-- About this exercise --
Restate, word for word and with nothing added, the lines from the one containing "Local Open Scope ring_scope." through the last line of the material below.

-- Data --
(* Let $\epsilon$ be a primitive cube root of unity and, for $\mathbf{a}=(\alpha,\beta,\gamma)\in\mathbb{C}^3$, let $\mathcal{U}_{\mathbf{a}}\subset\mathbb{C}^4$ be the hypersurface $X^2-U^2=(Y-V+\alpha)(Y-\epsilon V+\beta)(Y-\epsilon^2V+\gamma)$. Then: (1) if $\alpha+\epsilon\beta+\epsilon^2\gamma=0$, $\mathcal{U}_{\mathbf{a}}$ has a unique singular point, which is analytically a cusp of the same type as $\mathcal{U}_0=\{X^2-U^2-Y^3+V^3=0\}$; (2) if $\alpha+\epsilon\beta+\epsilon^2\gamma\neq0$, $\mathcal{U}_{\mathbf{a}}$ has exactly three distinct singular points, all ordinary double points; (3) the family $\{\mathcal{U}_{\mathbf{a}}\}$ is the pull-back of the miniversal deformation $\{\mathcal{X}_\Lambda\}_{\Lambda\in T^1}$ of the cusp along a holomorphic map germ $g:(\mathbb{C}^3,0)\to(T^1,0)$ whose image is the curve $C=\{\sigma^3-27\lambda=\mu=\nu=0\}$; explicitly, up to a nonzero constant $k$, $g(\mathbf{a})=(-k^3s^3,0,0,-3ks)$ with $s=\alpha+\epsilon\beta+\epsilon^2\gamma$, in coordinates $(\lambda,\mu,\nu,\sigma)$.
   Context: The miniversal deformation of the cusp $x^2-y^3=z^2-w^3$ is $\mathcal{X}_\Lambda=\{x^2-y^3-z^2+w^3+\lambda+\mu y-\nu w+\sigma yw=0\}$, $\Lambda=(\lambda,\mu,\nu,\sigma)\in T^1\cong\mathbb{C}^4$. The cusp equation factors as $(X-U)(X+U)=(Y-V)(Y-\epsilon V)(Y-\epsilon^2V)$. *)

From HB Require Import structures.
From mathcomp Require Import all_boot all_order all_algebra.
Set Implicit Arguments. Unset Strict Implicit. Unset Printing Implicit Defensive.
Import Order.TTheory GRing.Theory Num.Theory.
Local Open Scope ring_scope.

Section MPoly4.
Variable R : comNzRingType.

Definition mpoly4 := {poly {poly {poly {poly R}}}}.

Definition mc (c : R) : mpoly4 := c%:P%:P%:P%:P.

(* the variables: X_3 is the outermost, X_0 the innermost *)
Definition mX (i : 'I_4) : mpoly4 :=
  match val i with
  | 0 => 'X%:P%:P%:P
  | 1 => 'X%:P%:P
  | 2 => 'X%:P
  | _ => 'X
  end.

Definition meval (p : mpoly4) (x : 'rV[R]_4) : R :=
  p.[(x 0 3)%:P%:P%:P].[(x 0 2)%:P%:P].[(x 0 1)%:P].[x 0 0].

Definition mpd (i : 'I_4) (p : mpoly4) : mpoly4 :=
  match val i with
  | 0 => map_poly (map_poly (map_poly deriv)) p
  | 1 => map_poly (map_poly deriv) p
  | 2 => map_poly deriv p
  | _ => deriv p
  end.

Definition msing (f : mpoly4) (x : 'rV[R]_4) : Prop :=
  meval f x = 0 /\ forall i : 'I_4, meval (mpd i f) x = 0.

Definition mhess (f : mpoly4) (x : 'rV[R]_4) : 'M[R]_4 :=
  \matrix_(i < 4, j < 4) meval (mpd i (mpd j f)) x.

Definition odp (f : mpoly4) (x : 'rV[R]_4) : Prop :=
  msing f x /\ \det (mhess f x) != 0.

(* Coordinates (X, Y, U, V) = (X_0, X_1, X_2, X_3); a = (alpha, beta, gamma).
   U_a : X^2 - U^2 = (Y - V + alpha)(Y - eps V + beta)(Y - eps^2 V + gamma) *)
Definition Ua (eps : R) (a : 'rV[R]_3) : mpoly4 :=
  mX 0 ^+ 2 - mX 2 ^+ 2
  - (mX 1 - mX 3 + mc (a 0 0))
    * (mX 1 - mc eps * mX 3 + mc (a 0 1))
    * (mX 1 - mc (eps ^+ 2) * mX 3 + mc (a 0 2)).

Definition sfun (eps : R) (a : 'rV[R]_3) : R :=
  a 0 0 + eps * a 0 1 + eps ^+ 2 * a 0 2.

(* Miniversal deformation, coordinates (x, y, z, w) = (X_0, ..., X_3),
   Lambda = (lambda, mu, nu, sigma) = (L 0 0, L 0 1, L 0 2, L 0 3):
   x^2 - y^3 - z^2 + w^3 + lambda + mu y - nu w + sigma y w *)
Definition Xmv (L : 'rV[R]_4) : mpoly4 :=
  mX 0 ^+ 2 - mX 1 ^+ 3 - mX 2 ^+ 2 + mX 3 ^+ 3
  + mc (L 0 0) + mc (L 0 1) * mX 1 - mc (L 0 2) * mX 3
  + mc (L 0 3) * mX 1 * mX 3.

Definition gmap (k eps : R) (a : 'rV[R]_3) : 'rV[R]_4 :=
  let s := sfun eps a in
  \row_(i < 4) nth 0 [:: - (k ^+ 3 * s ^+ 3); 0; 0; - (3%:R * k * s)] i.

-- Exercise answer --
Local Open Scope ring_scope.

Section MPoly4.
Variable R : comNzRingType.

Definition mpoly4 := {poly {poly {poly {poly R}}}}.

Definition mc (c : R) : mpoly4 := c%:P%:P%:P%:P.

(* the variables: X_3 is the outermost, X_0 the innermost *)
Definition mX (i : 'I_4) : mpoly4 :=
  match val i with
  | 0 => 'X%:P%:P%:P
  | 1 => 'X%:P%:P
  | 2 => 'X%:P
  | _ => 'X
  end.

Definition meval (p : mpoly4) (x : 'rV[R]_4) : R :=
  p.[(x 0 3)%:P%:P%:P].[(x 0 2)%:P%:P].[(x 0 1)%:P].[x 0 0].

Definition mpd (i : 'I_4) (p : mpoly4) : mpoly4 :=
  match val i with
  | 0 => map_poly (map_poly (map_poly deriv)) p
  | 1 => map_poly (map_poly deriv) p
  | 2 => map_poly deriv p
  | _ => deriv p
  end.

Definition msing (f : mpoly4) (x : 'rV[R]_4) : Prop :=
  meval f x = 0 /\ forall i : 'I_4, meval (mpd i f) x = 0.

Definition mhess (f : mpoly4) (x : 'rV[R]_4) : 'M[R]_4 :=
  \matrix_(i < 4, j < 4) meval (mpd i (mpd j f)) x.

Definition odp (f : mpoly4) (x : 'rV[R]_4) : Prop :=
  msing f x /\ \det (mhess f x) != 0.

(* Coordinates (X, Y, U, V) = (X_0, X_1, X_2, X_3); a = (alpha, beta, gamma).
   U_a : X^2 - U^2 = (Y - V + alpha)(Y - eps V + beta)(Y - eps^2 V + gamma) *)
Definition Ua (eps : R) (a : 'rV[R]_3) : mpoly4 :=
  mX 0 ^+ 2 - mX 2 ^+ 2
  - (mX 1 - mX 3 + mc (a 0 0))
    * (mX 1 - mc eps * mX 3 + mc (a 0 1))
    * (mX 1 - mc (eps ^+ 2) * mX 3 + mc (a 0 2)).

Definition sfun (eps : R) (a : 'rV[R]_3) : R :=
  a 0 0 + eps * a 0 1 + eps ^+ 2 * a 0 2.

(* Miniversal deformation, coordinates (x, y, z, w) = (X_0, ..., X_3),
   Lambda = (lambda, mu, nu, sigma) = (L 0 0, L 0 1, L 0 2, L 0 3):
   x^2 - y^3 - z^2 + w^3 + lambda + mu y - nu w + sigma y w *)
Definition Xmv (L : 'rV[R]_4) : mpoly4 :=
  mX 0 ^+ 2 - mX 1 ^+ 3 - mX 2 ^+ 2 + mX 3 ^+ 3
  + mc (L 0 0) + mc (L 0 1) * mX 1 - mc (L 0 2) * mX 3
  + mc (L 0 3) * mX 1 * mX 3.

Definition gmap (k eps : R) (a : 'rV[R]_3) : 'rV[R]_4 :=
  let s := sfun eps a in
  \row_(i < 4) nth 0 [:: - (k ^+ 3 * s ^+ 3); 0; 0; - (3%:R * k * s)] i.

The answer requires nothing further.